In such cases, we know that investment plans are cut back, layoffs begin and
bankruptcies increase. Moreover, as inflation rises as the lira depreciates,
interest rates would be pushed up and demand for consumer durables and
investment goods pulled down; a recession would be unavoidable.
However, I don't think that the dumping of Turkish lira-based assets will
persist. At the same time, I expect the exchange rate to rally, basically for
two reasons: First, I think that the policy roadmap announced by the Turkish
Central Bank on Tuesday is consistent and realistic. I have confidence in the
expertise of its managers and their independence.
Periods of political turmoil are occasions to appreciate the importance
of this independence in isolating the economy from politics.

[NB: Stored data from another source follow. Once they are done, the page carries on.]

(* The radial part $\widetilde L$ of the sub-Laplacian $L$ on ${\rm AdS}^{15}(\mathbb{O})$ is given, in the coordinates $(r,\eta)$ with $r=\tanh^{-1}\rho$, by \[ \widetilde{L}=\frac{\partial^2}{\partial r^2}+(7\coth r+7\tanh r)\frac{\partial}{\partial r}+\tanh^2 r\left(\frac{\partial^2}{\partial \eta^2}+6\cot \eta\,\frac{\partial}{\partial \eta}\right). \] Here $r=\tanh^{-1}\rho$ is the Riemannian distance in $\mathbb{O}H^1$ from the origin $w=0$ to $w$.
   Context: Let $\mathbb{O}$ be the octonions, with real basis $e_0,\dots,e_7$ and norm $\|x\|^2=\sum_j x_j^2$ for $x=\sum_j x_je_j$. The multiplication is given by $e_0e_j=e_j$, $e_ie_0=e_i$, and for $i,j\ge1$, $e_ie_j=-\delta_{ij}e_0+\epsilon_{ijk}e_k$, where $\epsilon_{ijk}$ is totally antisymmetric and equals $1$ for $ijk=123,145,176,246,257,347,365$. The octonionic anti-de Sitter space is ${\rm AdS}^{15}(\mathbb{O})=\{(x,y)\in\mathbb{O}^2:\ \|x\|^2-\|y\|^2=-1\}$. It carries the pseudo-Riemannian metric of signature $(8,7)$ induced from $\mathbb{R}^{8,8}\cong\mathbb{O}^2$ with metric ${\rm d}x_0^2+\dots+{\rm d}x_7^2-{\rm d}y_0^2-\dots-{\rm d}y_7^2$. The octonionic hyperbolic space $\mathbb{O}H^1$ is identified with the open unit ball of $\mathbb{O}$, equipped with its octonionic hyperbolic metric. The map $\pi(x,y)=y^{-1}x$ is a pseudo-Riemannian submersion ${\rm AdS}^{15}(\mathbb{O})\to\mathbb{O}H^1$ with totally geodesic fibers isometric to the round sphere $\mathbb{S}^7$ (the octonionic anti-de Sitter fibration). The sub-Laplacian $L$ is the horizontal lift to ${\rm AdS}^{15}(\mathbb{O})$ of the Laplace–Beltrami operator of $\mathbb{O}H^1$. Equivalently, $L=\square_{{\rm AdS}^{15}(\mathbb{O})}+\Delta_{\mathcal V}$, where $\square$ is the Laplace–Beltrami operator (d'Alembertian) of the pseudo-Riemannian metric and $\Delta_{\mathcal V}$ is the vertical Laplacian, identified with the Laplacian $\Delta_{\mathbb{S}^7}$ of the fiber. Cylindrical coordinates: let $p$ be the north pole of $\mathbb{S}^7$ (unit octonions), $Y_1,\dots,Y_7$ an orthonormal frame of $T_p\mathbb{S}^7$, and $\exp_p$ the Riemannian exponential map of $\mathbb{S}^7$ at $p$. Define \[ \psi(w,\theta)=\left(\frac{\exp_p(\sum_i\theta_iY_i)\,w}{\sqrt{1-\rho^2}},\ \frac{\exp_p(\sum_i\theta_iY_i)}{\sqrt{1-\rho^2}}\right), \] where $w\in\mathbb{O}$ with $\rho=\|w\|<1$, and $\theta\in\mathbb{R}^7$ with $\eta=\|\theta\|<\pi$. A function is radial cylindrical if, in these coordinates, it depends only on $(\rho,\eta)$. The radial part $\widetilde L$ of $L$ is the operator acting on smooth compactly supported functions $f$ of $(\rho,\eta)\in[0,1)\times[0,\pi)$ such that $L(f\circ\psi)=(\widetilde Lf)\circ\psi$. *)

From Stdlib Require Import Reals Lra List Bool Arith ClassicalEpsilon.
Import ListNotations.
Open Scope R_scope.

Fixpoint rsum (n : nat) (f : nat -> R) : R :=
  match n with O => 0 | S m => rsum m f + f m end.

(* An octonion x = sum_j x_j e_j is represented by its coordinate function;
   only the indices 0..7 are meaningful. *)
Definition Oct := nat -> R.

Definition clean (x : Oct) : Oct := fun k => if (k <? 8)%nat then x k else 0.

Definition e0 : Oct := fun k => if Nat.eqb k 0 then 1 else 0.

Definition oscale (a : R) (x : Oct) : Oct := clean (fun k => a * x k).

Definition onorm2 (x : Oct) : R := rsum 8 (fun k => x k ^ 2).
Definition onorm (x : Oct) : R := sqrt (onorm2 x).
Definition oinner (x y : Oct) : R := rsum 8 (fun k => x k * y k).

Furthermore, I believe that the sale of a total of $6-7 billion planned
up to February might be enough to curb speculation, all the more so because
the central bank can recover what it sells through its reserve option
mechanism.
On the other hand -- and this is my second argument -- the fiscal anchor
is in place. While 2013 might be considered a year of political turmoil, the
budget is in better shape than it has been in decades. The budget deficit is
expected to be well below 2 percent and the public-debt-to-GDP ratio down to
35 percent. This government's insistence on fiscal discipline despite the
upcoming elections -- and despite the current turmoil, I hope -- will
constitute a bulwark against speculation.

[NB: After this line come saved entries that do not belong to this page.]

Lemma gronwall_zero (h dh : R -> R) (C : R) :
  (forall z, is_derive h z (dh z)) -> (forall z, Rabs (dh z) <= C * h z) ->
  (forall z, 0 <= h z) -> h 0 = 0 -> forall z, h z = 0.
Proof.
  intros Hd Hbound Hpos H0 z. apply Rle_antisym; [|apply Hpos].
  destruct (Rle_or_lt 0 z) as [Hz | Hz].
  - assert (Hdecr : h z * exp (- (C * z)) <= h 0 * exp (- (C * 0))).
    { apply (nonincreasing_of_derive_nonpos (fun x => h x * exp (- (C * x)))
             (fun x => (dh x - C * h x) * exp (- (C * x))));
        [intros x | intros x | exact Hz].
      - specialize (Hd x). auto_derive_hyps. ring.
      - pose proof (exp_pos (- (C * x))). pose proof (Rle_abs (dh x)).
        specialize (Hbound x). nra. }
    rewrite H0 in Hdecr. pose proof (exp_pos (- (C * z))). nra.
  - assert (Hdecr : - (h 0 * exp (C * 0)) <= - (h z * exp (C * z))).
    { apply (nonincreasing_of_derive_nonpos (fun x => - (h x * exp (C * x)))
             (fun x => - ((dh x + C * h x) * exp (C * x))));
        [intros x | intros x | lra].
      - specialize (Hd x). auto_derive_hyps. ring.
      - pose proof (exp_pos (C * x)). pose proof (Rle_abs (- dh x)). rewrite Rabs_Ropp in *.
        specialize (Hbound x). nra. }
    rewrite H0 in Hdecr. pose proof (exp_pos (C * z)). nra.
Qed.

Definition solves_ode2 (k : R) (B : R -> R) (u u' u'' : R -> R) : Prop :=
  forall z, is_derive u z (u' z) /\ is_derive u' z (u'' z) /\
            u'' z = 2 * k * u' z - B z * u z.

Lemma ode2_energy_derive_bound k B K u u' u'' :
  (forall z, Rabs (B z) <= K) -> solves_ode2 k B u u' u'' ->
  forall z, Rabs (2 * u z * u' z + 2 * u' z * u'' z)
            <= (1 + 4 * Rabs k + K) * (u z ^ 2 + u' z ^ 2).
Proof.
  intros HB Hu z. destruct (Hu z) as [_ [_ ->]].
  set (U := u z); set (V := u' z); set (b := B z).
  assert (HUV : Rabs (2 * U * V) <= U ^ 2 + V ^ 2).
  { apply Rabs_le. pose proof (pow2_ge_0 (U - V)). pose proof (pow2_ge_0 (U + V)). split; nra. }
  assert (HkV : Rabs (4 * k * V ^ 2) <= 4 * Rabs k * (U ^ 2 + V ^ 2)).
  { rewrite !Rabs_mult, (Rabs_pos_eq 4), (Rabs_pos_eq (V ^ 2)) by nra.
    pose proof (Rabs_pos k). nra. }
  assert (HbUV : Rabs (b * (2 * U * V)) <= K * (U ^ 2 + V ^ 2)).
  { rewrite Rabs_mult. apply Rmult_le_compat; auto using Rabs_pos. apply HB. }
  replace (2 * U * V + 2 * V * (2 * k * V - b * U))
    with (2 * U * V + 4 * k * V ^ 2 + - (b * (2 * U * V))) by ring.
  eapply Rle_trans; [apply Rabs_triang|]. rewrite Rabs_Ropp.
  eapply Rle_trans; [apply Rplus_le_compat_r, Rabs_triang|]. lra.
Qed.

Lemma ode2_unique k B K u u' u'' :
  (forall z, Rabs (B z) <= K) -> solves_ode2 k B u u' u'' ->
  u 0 = 0 -> u' 0 = 0 -> forall z, u z = 0 /\ u' z = 0.
Proof.
  intros HB Hu H0 H0' z.
  assert (Henergy : u z ^ 2 + u' z ^ 2 = 0).
  { apply (gronwall_zero (fun z => u z ^ 2 + u' z ^ 2)
             (fun z => 2 * u z * u' z + 2 * u' z * u'' z) (1 + 4 * Rabs k + K)).
    - intros x. destruct (Hu x) as [Hd [Hd' _]]. auto_derive_hyps. ring.
    - exact (ode2_energy_derive_bound k B K u u' u'' HB Hu).
    - intros x. nra.
    - rewrite H0, H0'. ring. }
  split; nra.
Qed.

Lemma ode2_lincomb k B a b u u' u'' v v' v'' :
  solves_ode2 k B u u' u'' -> solves_ode2 k B v v' v'' ->
  solves_ode2 k B (fun z => a * u z + b * v z) (fun z => a * u' z + b * v' z)
                  (fun z => a * u'' z + b * v'' z).
Proof.
  intros Hu Hv z. destruct (Hu z) as [U1 [U2 U3]], (Hv z) as [V1 [V2 V3]].
  split; [|split]; [auto_derive_hyps; ring | auto_derive_hyps; ring | rewrite U3, V3; ring].
Qed.

Lemma ode2_shift k B S u u' u'' :
  (forall z, B (z + S) = B z) -> solves_ode2 k B u u' u'' ->
  solves_ode2 k B (fun z => u (z + S)) (fun z => u' (z + S)) (fun z => u'' (z + S)).
Proof.
  intros HS Hu z. destruct (Hu (z + S)) as [U1 [U2 U3]].
  split; [|split]; [auto_derive_hyps; ring | auto_derive_hyps; ring | rewrite U3, HS; ring].
Qed.

Lemma ode2_exp_mul k B y y' y'' :
  (forall z, is_derive y z (y' z) /\ is_derive y' z (y'' z) /\ y'' z = (k ^ 2 - B z) * y z) ->
  solves_ode2 k B (fun z => exp (k * z) * y z) (fun z => exp (k * z) * (y' z + k * y z))
    (fun z => exp (k * z) * (y'' z + 2 * k * y' z + k ^ 2 * y z)).
Proof.
  intros Hy z. destruct (Hy z) as [Y1 [Y2 Y3]].
  split; [|split]; [auto_derive_hyps; ring | auto_derive_hyps; ring | rewrite Y3; ring].
Qed.

Lemma le_geometric_nonpos (v M r : R) :
  0 <= r < 1 -> (forall n, v <= M * r ^ n) -> v <= 0.
Proof.
  intros Hr Hv. apply Rnot_lt_le. intros Hpos.
  assert (HM : 0 <= M) by (specialize (Hv O); simpl in Hv; lra).
  destruct (pow_lt_1_zero r ltac:(rewrite Rabs_pos_eq; lra) (v / (M + 1)))
    as [N HN]; [apply Rdiv_lt_0_compat; lra|].
  specialize (HN N (le_n N)). specialize (Hv N).
  rewrite Rabs_pos_eq in HN by (apply pow_le; lra).
  apply (Rmult_lt_compat_l (M + 1)) in HN; [|lra].
  replace ((M + 1) * (v / (M + 1))) with v in HN by (field; lra).
  pose proof (pow_le r N). nra.
Qed.

Lemma Cmod_iter_shift (g : R -> C) (x : C) (T : R) :
  (forall s, g (s + T) = (x * g s)%C) ->
  forall n s, Cmod (g (s + INR n * T)) = Cmod x ^ n * Cmod (g s).
Proof.
  intros Hg n. induction n as [|n IH]; intros s.
  - simpl. rewrite Rmult_0_l, Rplus_0_r. ring.
  - rewrite S_INR. replace (s + (INR n + 1) * T) with (s + INR n * T + T) by ring.
    rewrite Hg, Cmod_mult, IH. simpl. ring.
Qed.

Lemma bounded_shift_eigenfunction_zero (g : R -> C) (x : C) (T M : R) :
  (forall s, Cmod (g s) <= M) -> (forall s, g (s + T) = (x * g s)%C) -> Cmod x <> 1 ->
  forall s, g s = 0%C.
Proof.
  intros Hb Hg Hx s. apply Cmod_eq_0, Rle_antisym; [|apply Cmod_ge_0].
  pose proof (Cmod_ge_0 x) as Hx0.
  destruct (Rlt_or_le 1 (Cmod x)) as [Hgt | Hle].
  - apply (le_geometric_nonpos _ M (/ Cmod x)).
    + split; [left; apply Rinv_0_lt_compat; lra|].
      rewrite <- Rinv_1. apply Rinv_lt_contravar; lra.
    + intros n. rewrite pow_inv.
      assert (Hpos : 0 < Cmod x ^ n) by (apply pow_lt; lra).
      apply (Rmult_le_reg_l (Cmod x ^ n)); [exact Hpos|].
      rewrite <- Cmod_iter_shift with (T := T) by exact Hg.
      replace (Cmod x ^ n * (M * / Cmod x ^ n)) with M by (field; lra).
      apply Hb.
  - apply (le_geometric_nonpos _ M (Cmod x)); [lra|].
    intros n. replace s with (s - INR n * T + INR n * T) at 1 by ring.
    rewrite (Cmod_iter_shift g x T Hg), (Rmult_comm M).
    apply Rmult_le_compat_l; [apply pow_le, Cmod_ge_0 | apply Hb].
Qed.

Lemma bounded_recurrence_unimodular (Y : R -> C) (T : R) (x1 x2 : C) :
  (exists M, forall s, Cmod (Y s) <= M) -> (exists s, Y s <> 0%C) -> (x1 * x2 = 1)%C ->
  (forall s : R, Y (s + 2 * T)%R - (x1 + x2) * Y (s + T)%R + Y s = 0)%C ->
  Cmod x1 = 1 /\ Cmod x2 = 1.
Proof.
  intros [M HM] [s0 Hs0] H12 Hrec.
  assert (Hmod : Cmod x1 * Cmod x2 = 1) by (rewrite <- Cmod_mult, H12; apply Cmod_1).
  (* Y(s+T) - xj Y(s) is multiplied by xi under the shift by T. *)
  assert (Hshift : forall xi xj : C, (xi + xj = x1 + x2)%C -> (xi * xj = 1)%C ->
            forall s : R, (Y (s + T + T)%R - xj * Y (s + T)%R = xi * (Y (s + T)%R - xj * Y s))%C).
  { intros xi xj Hsum Hij s. replace (s + T + T) with (s + 2 * T) by ring.
    pose proof (Hrec s) as E. rewrite <- Hsum in E.
    transitivity ((Y (s + 2 * T)%R - (xi + xj) * Y (s + T)%R + Y s) + xi * Y (s + T)%R - 1 * Y s)%C;
      [ring|].
    rewrite E, <- Hij. ring. }
  assert (Hbound : forall (x : C) s, Cmod (Y (s + T)%R - x * Y s)%C <= M + Cmod x * M).
  { intros x s. eapply Rle_trans; [apply Cmod_triangle|].
    rewrite Cmod_opp, Cmod_mult. pose proof (Cmod_ge_0 x). pose proof (HM (s + T)).
    pose proof (HM s). nra. }
  destruct (Req_dec (Cmod x1) 1) as [H1 | H1].
  { split; [exact H1 | rewrite H1 in Hmod; lra]. }
  exfalso. apply Hs0.
  assert (H2 : Cmod x2 <> 1) by (intros H2; rewrite H2 in Hmod; lra).
  assert (Hb := bounded_shift_eigenfunction_zero (fun s => Y (s + T)%R - x2 * Y s)%C x1 T _
                  (Hbound x2) (Hshift x1 x2 eq_refl H12) H1 s0).
  assert (Hc := bounded_shift_eigenfunction_zero (fun s => Y (s + T)%R - x1 * Y s)%C x2 T _
                  (Hbound x1) (Hshift x2 x1 (Cplus_comm _ _) (eq_trans (Cmult_comm _ _) H12))
                  H2 s0).
  assert (Hdiff : (x1 - x2)%C <> 0%C).
  { intros E. assert (Heq : x1 = x2) by (transitivity ((x1 - x2) + x2)%C; [ring | rewrite E; ring]).
    subst x1. pose proof (Cmod_ge_0 x2). nra. }
  transitivity (/ (x1 - x2) * ((Y (s0 + T)%R - x2 * Y s0) - (Y (s0 + T)%R - x1 * Y s0)))%C;
    [field; exact Hdiff|].
  simpl in Hb, Hc. rewrite Hb, Hc. ring.
Qed.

Nevertheless, I am less optimistic for the medium term. I think the
critical question that all economic players are asking can be formulated as
follows: Who will govern Turkey in the coming years and how will it be
governed? We may begin to glimpse the answer to this question on March 30.

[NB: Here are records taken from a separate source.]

Lemma linear_alternative (F : fieldType) (I J : finType) (M : I -> J -> F) (t : J -> F) :
  ~ (exists z : I -> F, forall j, \sum_i z i * M i j = t j) ->
  exists u : J -> F, (forall i, \sum_j M i j * u j = 0) /\ \sum_j t j * u j = 1.
Proof.
move=> no_sol.
pose A := \matrix_(i < #|I|, j < #|J|) M (enum_val i) (enum_val j).
pose tv := \row_(j < #|J|) t (enum_val j).
have [/submxP[D tvE]|] := boolP (tv <= A)%MS.
  case: no_sol; exists (fun i => D 0 (enum_rank i)) => j.
  move/matrixP/(_ 0 (enum_rank j)): tvE; rewrite !mxE enum_rankK => ->.
  by rewrite sum_enum_rank; apply: eq_bigr => i _; rewrite mxE !enum_rankK.
rewrite submxE => /rV0Pn[j0]; set c := _ 0 j0 => nz_c.
exists (fun j => cokermx A (enum_rank j) j0 / c); split => [i|].
  have /matrixP/(_ (enum_rank i) j0) := mulmx_coker A.
  rewrite !mxE sum_enum_rank => AK0.
  under eq_bigr do rewrite mulrA; rewrite -mulr_suml.
  suff -> : \sum_j M i j * cokermx A (enum_rank j) j0 = 0 by rewrite mul0r.
  by apply: (etrans _ AK0); apply: eq_bigr => j _; rewrite [A _ _]mxE !enum_rankK.
under eq_bigr do rewrite mulrA; rewrite -mulr_suml -(divff nz_c); congr (_ / _).
rewrite /c [(tv *m _) _ _]mxE sum_enum_rank.
by apply: eq_bigr => j _; rewrite [tv _ _]mxE enum_rankK.
Qed.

I think Prime Minister Recep Tayyip Erdoğan's new government will be able
to hold out until the local elections. Then the critical issue will be how
much electoral support the Justice and Development Party (AK Party) gets. We
have to consider two scenarios: First, a substantial decline in its public
support, which some estimated at 50 percent before the corruption scandal;
let's say it falls under 45 percent, at least. Second, the party could
sustain very little damage to its support.
Neither of these scenarios disperses the clouds of political uncertainty.
If the damage to the ruling party is limited, I think the path toward an
authoritarian regime à la Vladimir Putin, including a Russian-style
presidential system, will be basically cleared. This would augur nothing good
for investment in general, and for foreign direct investment (FDI) in
particular, since a drift toward authoritarianism would jeopardize Turkey's EU
bid and damage investor confidence in the rule of law. Let me also note that
most of Turkey's FDI comes from the EU.
If the damage is substantial, I'm afraid that political uncertainty will
not decrease. On the contrary, it will get even worse. Will Mr. Erdoğan
insist on pursuing his presidential ambitions? If the answer is yes, the
result of the presidential election in July must be awaited. If the answer is
no, another question arises: Will he give up political life? The answer to
this question doesn't matter. Should one expect a split in the ruling party
if that happens? As long as these questions remain unanswered, political and
economic reforms will be postponed and all kinds of investment will be
discouraged. This means lower growth and higher unemployment.